SIPPs have been around since 1989, but after the introduction of Pension Simplification legislation on 6 April 2006, SIPPs have become more accessible.
With a SIPP you are free to invest in:
– Cash and Deposit accounts (in any currency providing they are with a UK deposit taker)
– Insurances company funds
– UK Gilts
– UK Shares (including shares listed on the Alternative Investment Market)
– US and European Shares (stocks and shares quoted on a Recognised Stock Exchange)
– Unquoted shares
– Permanent Interest Bearing Shares
– Commercial property
– Ground rents in respect of commercial property
– Unit trusts
– Open ended investment companies (OEIC)
– Investment trusts
– Traded endowment policies
– Futures and Options
Once invested in your pension the funds will grow free of UK Capital Gains Tax and Income Tax (tax deducted from dividends cannot be reclaimed).
The most important thing to remember is that the range of available investments depends largely on the choice of SIPP provider, which means obtaining professional financial advice is important before taking any action. Ultimately it is down to the trustees of your pension plan to agree whether they are happy to accept your investment choices into the SIPP. The trustees are responsible and liable for ensuring that the investment choices fall within their remit.

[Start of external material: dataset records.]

(* Let $G_1$ and $G_2$ be groups, and for $t=1,2$ let $\vec H^{(t)}\colon\{1\}=H^{(t)}_0\triangleleft\dots\triangleleft H^{(t)}_n=G_t$ and $\vec K^{(t)}\colon\{1\}=K^{(t)}_0\triangleleft\dots\triangleleft K^{(t)}_n=G_t$ be composition series of $G_t$ (of the same length $n$). Let $\pi_t$ be the unique permutation of $\{1,\dots,n\}$ such that $H^{(t)}_i/H^{(t)}_{i-1}$ is subnormally down-and-up projective to $K^{(t)}_{\pi_t(i)}/K^{(t)}_{\pi_t(i)-1}$ for all $i$. If $\pi_1=\pi_2$, then the lattices $(\mathrm{CSL}(\vec H^{(1)},\vec K^{(1)});\subseteq)$ and $(\mathrm{CSL}(\vec H^{(2)},\vec K^{(2)});\subseteq)$ are isomorphic. That is, this permutation determines $\mathrm{CSL}(\vec H,\vec K)$ up to lattice isomorphism.
   Context: For composition series $\vec H$, $\vec K$ of a group $G$, $\mathrm{CSL}(\vec H,\vec K)=\{H_i\cap K_j: 0\le i,j\le n\}$, ordered by inclusion; it is a lattice. For subnormal subgroups $A\triangleleft B$ and $C\triangleleft D$ of $G$, $B/A$ is subnormally down-and-up projective to $D/C$ if there are subnormal subgroups $X\triangleleft Y$ of $G$ with $AY=B$, $A\cap Y=X$, $CY=D$, $C\cap Y=X$. It is known (and used here) that for composition series $\vec H,\vec K$ of the same group there is a unique permutation $\pi$ of $\{1,\dots,n\}$ such that $H_i/H_{i-1}$ is subnormally down-and-up projective to $K_{\pi(i)}/K_{\pi(i)-1}$ for all $i$. *)

(* Groups are ABSTRACT, possibly infinite: a carrier type with operations
   and group axioms.  Subsets are Prop-valued predicates. *)
From mathcomp Require Import all_boot all_fingroup.

Set Implicit Arguments.
Unset Strict Implicit.
Unset Printing Implicit Defensive.

Record absgroup := AbsGroup {
  gcar :> Type;
  gmul : gcar -> gcar -> gcar;
  gone : gcar;
  ginv : gcar -> gcar;
  gmulA : forall x y z, gmul x (gmul y z) = gmul (gmul x y) z;
  gmul1g : forall x, gmul gone x = x;
  gmulVg : forall x, gmul (ginv x) x = gone
}.

Arguments gone {a}.

Section GroupDefs.
Variable G : absgroup.

Definition gset := G -> Prop.

Definition gsubset (A B : gset) : Prop := forall x, A x -> B x.
Definition gseteq (A B : gset) : Prop := forall x, A x <-> B x.
Definition gsetI (A B : gset) : gset := fun x => A x /\ B x.
Definition gsetM (A B : gset) : gset :=
  fun x => exists a b, A a /\ B b /\ x = gmul a b.
Definition gset1 : gset := fun x => x = gone.
Definition gsetT : gset := fun _ => True.

Definition is_subgroup (A : gset) : Prop :=
  [/\ A gone, (forall x y, A x -> A y -> A (gmul x y))
    & (forall x, A x -> A (ginv x))].

Definition gnormal (A B : gset) : Prop :=
  [/\ is_subgroup A, is_subgroup B, gsubset A B
    & forall a b, A a -> B b -> A (gmul (ginv b) (gmul a b))].

Inductive subnormal : gset -> Prop :=
  | subnormal_top : forall A, gseteq A gsetT -> subnormal A
  | subnormal_step : forall A B, gnormal A B -> subnormal B -> subnormal A.
(* Let $A$ be a basic connected finite dimensional algebra over an algebraically closed field $k$ with ordinary quiver $Q$ without oriented cycles. Let $f\in\mathsf{HH}^1(A)$ be diagonal with respect to a basis $\mathcal B$ of $A$, and let $\nu\colon kQ\twoheadrightarrow A$ be a presentation adapted to $\mathcal B$, i.e. $\nu(\alpha)\in\mathcal B$ for every arrow $\alpha$ of $Q$. Then $f\in\mathsf{Im}(\theta_\nu)$.
   Context: Fix a complete set $e_1,\dots,e_n$ of primitive orthogonal idempotents of $A$ indexed by $Q_0=\{1,\dots,n\}$, $E=\bigoplus ke_i$, $\mathfrak r$ the radical. A presentation is a surjective algebra map $\nu\colon kQ\twoheadrightarrow A$ with admissible kernel ($(kQ^+)^N\subseteq\mathsf{Ker}\,\nu\subseteq(kQ^+)^2$ for some $N\ge2$, $kQ^+$ the arrow ideal) and $\nu(e_i)=e_i$. $\mathsf{HH}^1(A)=Der_0(A)/Int_0(A)$, with $Der_0(A)$ the derivations vanishing on all $e_i$ (commutator bracket) and $Int_0(A)=\{a\mapsto ea-ae\mid e\in E\}$. A basis of $A$ is a $k$-basis $\mathcal B\subseteq\bigcup_{i,j}e_jAe_i$ containing $e_1,\dots,e_n$ with its other elements in $\mathfrak r$; $f\in\mathsf{HH}^1(A)$ is diagonal with respect to $\mathcal B$ if a derivation representing $f$ is diagonal in $\mathcal B$. Walks: paths in $Q$ with formal inverse arrows allowed. For $I=\mathsf{Ker}\,\nu$, the homotopy relation $\sim_I$ is the smallest equivalence relation on walks with $\alpha\alpha^{-1}\sim_I e_y$, $\alpha^{-1}\alpha\sim_I e_x$ for arrows $\alpha\colon x\to y$, compatible with concatenation, and identifying two paths occurring with nonzero coefficient in a same minimal relation of $I$ (a nonzero $\sum t_iu_i\in I$, $t_i\neq0$, distinct paths, no nonempty proper subsum in $I$). $\pi_1(Q,I)$ is the group of classes of closed walks at a fixed vertex $x_0$. Fix a maximal tree $T$ of $Q$, $\gamma_x$ the minimal walk in $T$ from $x_0$ to $x$. For a group homomorphism $g\colon\pi_1(Q,I)\to k^+$, $\theta_\nu(g)$ is the class of the derivation $\tilde g$ with $\tilde g(\nu(u))=g([\gamma_y^{-1}u\gamma_x]_I)\nu(u)$ for paths $u$ from $x$ to $y$. *)

From HB Require Import structures.
From mathcomp Require Import all_boot all_order all_algebra falgebra.
Set Implicit Arguments.
Unset Strict Implicit.
Unset Printing Implicit Defensive.
Import GRing.Theory.
Local Open Scope ring_scope.

Section Quiver.
Variables (n : nat) (Q1 : finType) (src tgt : Q1 -> 'I_n).

(* A letter of a walk: (alpha, true) is the arrow alpha, (alpha, false) its *)
(* formal inverse alpha^{-1}. *)
Definition letter := (Q1 * bool)%type.
Definition lsrc (l : letter) : 'I_n := if l.2 then src l.1 else tgt l.1.
Definition ltgt (l : letter) : 'I_n := if l.2 then tgt l.1 else src l.1.
Definition linv (l : letter) : letter := (l.1, ~~ l.2).

(* A walk is a starting vertex together with the list of its letters, in the *)
(* order in which they are traversed. *)
Definition walk := ('I_n * seq letter)%type.

Fixpoint valid_from (x : 'I_n) (ls : seq letter) : bool :=
  if ls is l :: ls' then (lsrc l == x) && valid_from (ltgt l) ls' else true.

Definition wvalid (w : walk) : bool := valid_from w.1 w.2.
Definition wend (w : walk) : 'I_n := last w.1 [seq ltgt l | l <- w.2].

(* Concatenation in the paper's (right-to-left) notation: wcat w2 w1 = w2 w1 *)
(* is "first w1, then w2". *)
Definition wcat (w2 w1 : walk) : walk := (w1.1, w1.2 ++ w2.2).
Definition winv (w : walk) : walk := (wend w, rev [seq linv l | l <- w.2]).
Definition etriv (x : 'I_n) : walk := (x, [::]).

(* Paths: a starting vertex and the list of arrows in traversal order. *)
Definition qpath := ('I_n * seq Q1)%type.
Definition path_walk (u : qpath) : walk := (u.1, [seq (al, true) | al <- u.2]).
Definition pvalid (u : qpath) : bool := wvalid (path_walk u).
Definition pend (u : qpath) : 'I_n := wend (path_walk u).

Definition no_oriented_cycles : Prop :=
  forall u : qpath, pvalid u -> u.2 != [::] -> pend u != u.1.

Definition Twalk (T : {set Q1}) (w : walk) : bool := all (fun l => l.1 \in T) w.2.
Definition reduced (w : walk) : bool := sorted (fun l1 l2 => l2 != linv l1) w.2.

Definition maximal_tree (T : {set Q1}) : Prop :=
  (forall x y : 'I_n, exists w : walk,
      [/\ wvalid w, w.1 = x, wend w = y & Twalk T w]) /\
  (forall w : walk, wvalid w -> Twalk T w -> reduced w -> wend w = w.1 -> w.2 = [::]).

Definition gamma_spec (T : {set Q1}) (x0 : 'I_n) (gamma : 'I_n -> walk) : Prop :=
  forall x : 'I_n, [/\ wvalid (gamma x), (gamma x).1 = x0, wend (gamma x) = x,
                      Twalk T (gamma x) & reduced (gamma x)].

Definition closed_at (x0 : 'I_n) (w : walk) : bool :=
  [&& wvalid w, w.1 == x0 & wend w == x0].

End Quiver.

Section Algebra.
Variables (k : fieldType) (A : falgType k).

Definition idem (p : A) : Prop := p * p = p.

Definition primitive_idem (p : A) : Prop :=
  [/\ idem p, p != 0 &
      forall q r : A, idem q -> idem r -> q * r = 0 -> r * q = 0 -> p = q + r ->
        q = 0 \/ r = 0].

Definition complete_prim_orth (n : nat) (e : 'I_n -> A) : Prop :=
  [/\ forall i j, e i * e j = (if i == j then e i else 0),
      \sum_(i < n) e i = 1 &
      forall i, primitive_idem (e i)].

(* A is basic: e_i A and e_j A are non-isomorphic (as right A-modules) for  *)
(* i <> j; an isomorphism e_j A -> e_i A is left multiplication by some     *)
(* x in e_i A e_j with inverse given by some y in e_j A e_i. *)
Definition basic_alg (n : nat) (e : 'I_n -> A) : Prop :=
  forall i j : 'I_n,
    (exists x y : A, [/\ x = e i * x * e j, y = e j * y * e i,
                         x * y = e i & y * x = e j]) -> i = j.

Definition connected_alg : Prop :=
  forall c : A, idem c -> (forall y : A, c * y = y * c) -> c = 0 \/ c = 1.

Definition in_rad (x : A) : Prop := forall y : A, (1 - y * x) \is a GRing.unit.

Definition adm_basis (n : nat) (e : 'I_n -> A) (B : seq A) : Prop :=
  [/\ basis_of fullv B,
      (forall i, e i \in B),
      (forall b, b \in B -> exists i j : 'I_n, b = e j * b * e i) &
      forall b, b \in B -> (forall i, b != e i) -> in_rad b].

Definition klinear (d : A -> A) : Prop :=
  forall (c : k) (x y : A), d (c *: x + y) = c *: d x + d y.

Definition der0 (n : nat) (e : 'I_n -> A) (d : A -> A) : Prop :=
  [/\ klinear d, forall x y : A, d (x * y) = d x * y + x * d y &
      forall i, d (e i) = 0].

Definition diagonal (d : A -> A) (B : seq A) : Prop :=
  forall b, b \in B -> exists c : k, d b = c *: b.

Definition inner0_diff (n : nat) (e : 'I_n -> A) (D d : A -> A) : Prop :=
  exists c : 'I_n -> k, forall x : A,
    D x - d x = (\sum_(i < n) c i *: e i) * x - x * (\sum_(i < n) c i *: e i).

Section Presentation.
Variables (n : nat) (Q1 : finType) (src tgt : Q1 -> 'I_n).
(* The algebra map nu : kQ -> A is determined by nu(e_i) = e i and the      *)
(* images a alpha of the arrows. *)
Variables (e : 'I_n -> A) (a : Q1 -> A).

Definition nu_path (u : qpath n Q1) : A :=
  foldl (fun acc al => a al * acc) (e u.1) u.2.

(* Elements of kQ are represented by finite lists of (coefficient, path). *)
Definition nu_comb (l : seq (k * qpath n Q1)) : A :=
  \sum_(p <- l) p.1 *: nu_path p.2.

Definition valid_comb (l : seq (k * qpath n Q1)) : bool :=
  all (fun p => pvalid src tgt p.2) l.

(* nu : kQ ->> A is a presentation: a well-defined algebra map (arrows go to *)
(* e_y A e_x), surjective, with admissible kernel. *)
Definition presentation : Prop :=
  [/\ forall al, a al = e (tgt al) * a al * e (src al),
      (forall y : A, exists l, valid_comb l /\ y = nu_comb l) &
      (exists N : nat, (2 <= N)%N /\
        (* (kQ^+)^N is contained in Ker nu *)
        (forall u, pvalid src tgt u -> (N <= size u.2)%N -> nu_path u = 0) /\
        (* Ker nu is contained in (kQ^+)^2 *)
        (forall l, uniq [seq p.2 | p <- l] -> valid_comb l -> nu_comb l = 0 ->
           forall p, p \in l -> (size p.2.2 <= 1)%N -> p.1 = 0))].

Definition adapted (B : seq A) : Prop := forall al, a al \in B.

Definition minimal_relation (l : seq (k * qpath n Q1)) : Prop :=
  [/\ l != [::], uniq [seq p.2 | p <- l], valid_comb l,
      (forall p, p \in l -> p.1 != 0) /\ nu_comb l = 0 &
      (forall m : bitseq, mask m l != [::] -> (size (mask m l) < size l)%N ->
        nu_comb (mask m l) != 0)].

Inductive htp : walk n Q1 -> walk n Q1 -> Prop :=
| htp_refl w : htp w w
| htp_sym w1 w2 : htp w1 w2 -> htp w2 w1
| htp_trans w1 w2 w3 : htp w1 w2 -> htp w2 w3 -> htp w1 w3
| htp_ctx (u v w1 w2 : walk n Q1) :
    wvalid src tgt u -> wvalid src tgt v -> wvalid src tgt w1 -> wvalid src tgt w2 ->
    wend src tgt v = w1.1 -> wend src tgt v = w2.1 ->
    wend src tgt w1 = u.1 -> wend src tgt w2 = u.1 ->
    htp w1 w2 -> htp (wcat u (wcat w1 v)) (wcat u (wcat w2 v))
| htp_inv1 (al : Q1) :
    htp (tgt al, [:: (al, false); (al, true)]) (tgt al, [::])
| htp_inv2 (al : Q1) :
    htp (src al, [:: (al, true); (al, false)]) (src al, [::])
| htp_rel (l : seq (k * qpath n Q1)) p q :
    minimal_relation l -> p \in l -> q \in l ->
    htp (path_walk p.2) (path_walk q.2).

(* g : walks -> k induces a group homomorphism pi_1(Q, I) -> k^+ *)
(* (pi_1 = homotopy classes of closed walks at x0). *)
Definition pi1_hom (x0 : 'I_n) (g : walk n Q1 -> k) : Prop :=
  (forall w1 w2, closed_at src tgt x0 w1 -> closed_at src tgt x0 w2 ->
     htp w1 w2 -> g w1 = g w2) /\
  (forall w1 w2, closed_at src tgt x0 w1 -> closed_at src tgt x0 w2 ->
     g (wcat w2 w1) = g w2 + g w1).

Definition in_image_theta (x0 : 'I_n) (gamma : 'I_n -> walk n Q1) (d : A -> A) : Prop :=
  exists g : walk n Q1 -> k, pi1_hom x0 g /\
  exists D : A -> A,
    [/\ der0 e D,
        forall u : qpath n Q1, pvalid src tgt u ->
          D (nu_path u) =
            g (wcat (winv src tgt (gamma (pend src tgt u)))
                    (wcat (path_walk u) (gamma u.1))) *: nu_path u &
        inner0_diff e D d].

End Presentation.
End Algebra.

From HB Require Import structures.
From mathcomp Require Import all_boot all_order all_algebra falgebra ring.
Import GRing.Theory.
Set Implicit Arguments.
Unset Strict Implicit.
Unset Printing Implicit Defensive.
Local Open Scope ring_scope.

(* d is diagonal on B and sends every arrow into B, so it multiplies the
   image of each arrow al by a scalar cf al, and by the Leibniz rule the image
   of a path by the sum of the cf over its arrows.  Extending this weight to
   walks, with weight -cf al on al^-1, gives an additive function on walks
   killing al al^-1 and al^-1 al.  A minimal relation is a vanishing sum of
   eigenvectors of d; applying products of the maps d - mu separates the
   eigenvalues, so the paths of a single weight already form a relation, and
   minimality forces all its paths to have the same weight.  Thus the weight
   is a homomorphism g : pi_1(Q, I) -> k^+, and adding to d the inner
   derivation of sum_i -g(gamma_i) e_i gives the derivation
   nu(u) |-> g(gamma_y^-1 u gamma_x) nu(u). *)

Lemma eigen_sum_eq0 (k : fieldType) (V : lmodType k) (f : {linear V -> V})
    (I : eqType) (r : seq I) (v : I -> V) (lam : I -> k) :
    (forall i, f (v i) = lam i *: v i) -> \sum_(i <- r) v i = 0 ->
  forall mu, \sum_(i <- r | lam i == mu) v i = 0.
Proof.
move=> f_v sum_v0 mu.
have annihilated (M : seq k) : \sum_(i <- r) (\prod_(m <- M) (lam i - m)) *: v i = 0.
  elim: M => [|m M IH]; first by under eq_bigr do rewrite big_nil scale1r.
  set X := \sum_(i <- r) _ in IH.
  transitivity (f X - m *: X); last by rewrite IH linear0 scaler0 subr0.
  rewrite linear_sum scaler_sumr -sumrB; apply: eq_bigr => i _.
  by rewrite linearZ /= f_v big_cons !scalerA -scalerBl mulrBl mulrC.
pose M := [seq lam i | i <- r & lam i != mu].
have M_nz : \prod_(m <- M) (mu - m) != 0.
  rewrite prodf_seq_neq0; apply/allP => _ /mapP [i + ->].
  by rewrite mem_filter subr_eq0 eq_sym => /andP [].
have split_eigen : \sum_(i <- r) (\prod_(m <- M) (lam i - m)) *: v i =
    (\prod_(m <- M) (mu - m)) *: \sum_(i <- r | lam i == mu) v i.
  rewrite scaler_sumr [RHS]big_mkcond /=; apply: eq_big_seq => i ri.
  case: eqP => [-> //|/eqP lam_mu].
  apply/eqP; rewrite scaler_eq0 prodf_seq_eq0; apply/orP; left; apply/hasP.
  exists (lam i); last by rewrite /= subrr.
  by apply: map_f; rewrite mem_filter lam_mu.
by have /eqP := annihilated M; rewrite split_eigen scaler_eq0 (negbTE M_nz) => /eqP.
Qed.

Section WalkWeight.
Variables (k : fieldType) (n : nat) (Q1 : finType) (cf : Q1 -> k).

Definition letter_weight (l : letter Q1) : k := if l.2 then cf l.1 else - cf l.1.

Definition walk_weight (w : walk n Q1) : k := \sum_(l <- w.2) letter_weight l.

Lemma walk_weight_cat (w2 w1 : walk n Q1) :
  walk_weight (wcat w2 w1) = walk_weight w2 + walk_weight w1.
Proof. by rewrite /walk_weight big_cat addrC. Qed.

Lemma walk_weight_inv (src tgt : Q1 -> 'I_n) (w : walk n Q1) :
  walk_weight (winv src tgt w) = - walk_weight w.
Proof.
rewrite /walk_weight big_rev big_map -sumrN; apply: eq_bigr => -[al []] _ //=.
by rewrite /letter_weight opprK.
Qed.
(* For any $V>0$ and any $f\in\mathcal F$, writing $R=m^2+n^2+p^2+mp+np$, $T=mn(m+p)(n+p)$ and summing over $(m,n,p)\in\mathbb Z^3\setminus\{0\}$, the second derivatives of $E_f$ at the FCC lattice $D_3$ (parameters $(u,v,x,y,z)=(1,1,0,1/2,1/2)$) are $\partial_{uu}^2E_f[D_3]=\frac{C^2}{2}\sum R^2f''(CR)+2C\sum Rf'(CR)+6C^2\sum Tf''(CR)$; $\partial_{vv}^2E_f[D_3]=\frac56C^2\sum R^2f''(CR)+\frac83C\sum Rf'(CR)+\frac{14}{3}C^2\sum Tf''(CR)$; $\partial_{xx}^2E_f[D_3]=\frac{C^2}{3}\sum R^2f''(CR)+C\sum Rf'(CR)+\frac43C^2\sum Tf''(CR)$; $\partial_{yy}^2E_f[D_3]=\partial_{zz}^2E_f[D_3]=\frac23C^2\sum R^2f''(CR)+\frac43C\sum Rf'(CR)-\frac83C^2\sum Tf''(CR)$; $\partial_{uv}^2E_f[D_3]=-\frac{C^2}{2}\sum R^2f''(CR)-2C\sum Rf'(CR)-6C^2\sum Tf''(CR)$; $\partial_{xy}^2E_f[D_3]=-\frac{C^2}{3}\sum R^2f''(CR)-\frac{2C}{3}\sum Rf'(CR)+\frac{4C^2}{3}\sum Tf''(CR)$; and $\partial^2_{ux},\partial^2_{uy},\partial^2_{uz},\partial^2_{vx},\partial^2_{vy},\partial^2_{vz},\partial^2_{xz},\partial^2_{yz}$ of $E_f$ at $D_3$ all vanish.
   Context: Fix $V>0$ and set $C:=V^{2/3}2^{1/3}$. Every Bravais lattice $L\subset\mathbb R^3$ of covolume $V$ is parametrized by $(u,v,x,y,z)$ with $u,v>0$ so that its quadratic form is $Q_L(m,n,p)=\frac{C}{u}\big[(m+xn+yp)^2+v^2(n+zp)^2+\frac{u^3}{2v^2}p^2\big]$. Let $\mathcal F$ be the set of $f\in C^2((0,\infty))$ such that for each $k\in\{0,1,2\}$, $|f^{(k)}(r)|=O(r^{-3/2-k-\eta_k})$ as $r\to\infty$ for some $\eta_k>0$. For $f\in\mathcal F$, $E_f(u,v,x,y,z):=\sum_{(m,n,p)\in\mathbb Z^3\setminus\{0\}} f(Q_L(m,n,p))$, a function of the five variables at fixed $V$. The FCC lattice $D_3$ of volume $V$ has parameters $(1,1,0,1/2,1/2)$, for which $Q_L=CR$. *)

From Stdlib Require Import Reals ZArith List.
From Coquelicot Require Import Coquelicot.
Open Scope R_scope.

Definition zrange (N : nat) : list Z :=
  map (fun k => (Z.of_nat k - Z.of_nat N)%Z) (seq 0 (2 * N + 1)).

There are significant tax benefits. The government contributes 20 per cent of every gross contribution you pay; meaning a £1,000 investment in your SIPP costs you just £800. If you’re a higher rate tax payer, the tax benefits could be even greater.
When you wish to withdraw the funds from your SIPP, between the ages of 55 and 75 (50 and 75 before 6 April 2010), you can normally take up to 25 per cent of your fund as a tax-free lump sum. The remainder is then used to provide you with a taxable income.
If you die before you begin taking the benefits from your pension the funds will normally be passed to your spouse or other elected beneficiary free of Inheritance Tax. Other tax charges may apply depending on the circumstances.
A SIPP can also be used to invest and develop commercial property, such as offices, industrial units or shops. Your pension fund does not even have to be large enough to buy a property outright as you may be able to borrow up to 50 per cent of the fund’s net value.
There are also tax advantages of buying your own business premises within a SIPP. The rent paid into your SIPP is free of tax because it is a tax deductible expense. There will be no Capital Gains Tax to pay on the property when it is sold within the pension fund and if you die before age 75 and before you start drawing your pension, your beneficiaries can receive the proceeds of the sale of the property free of Inheritance Tax.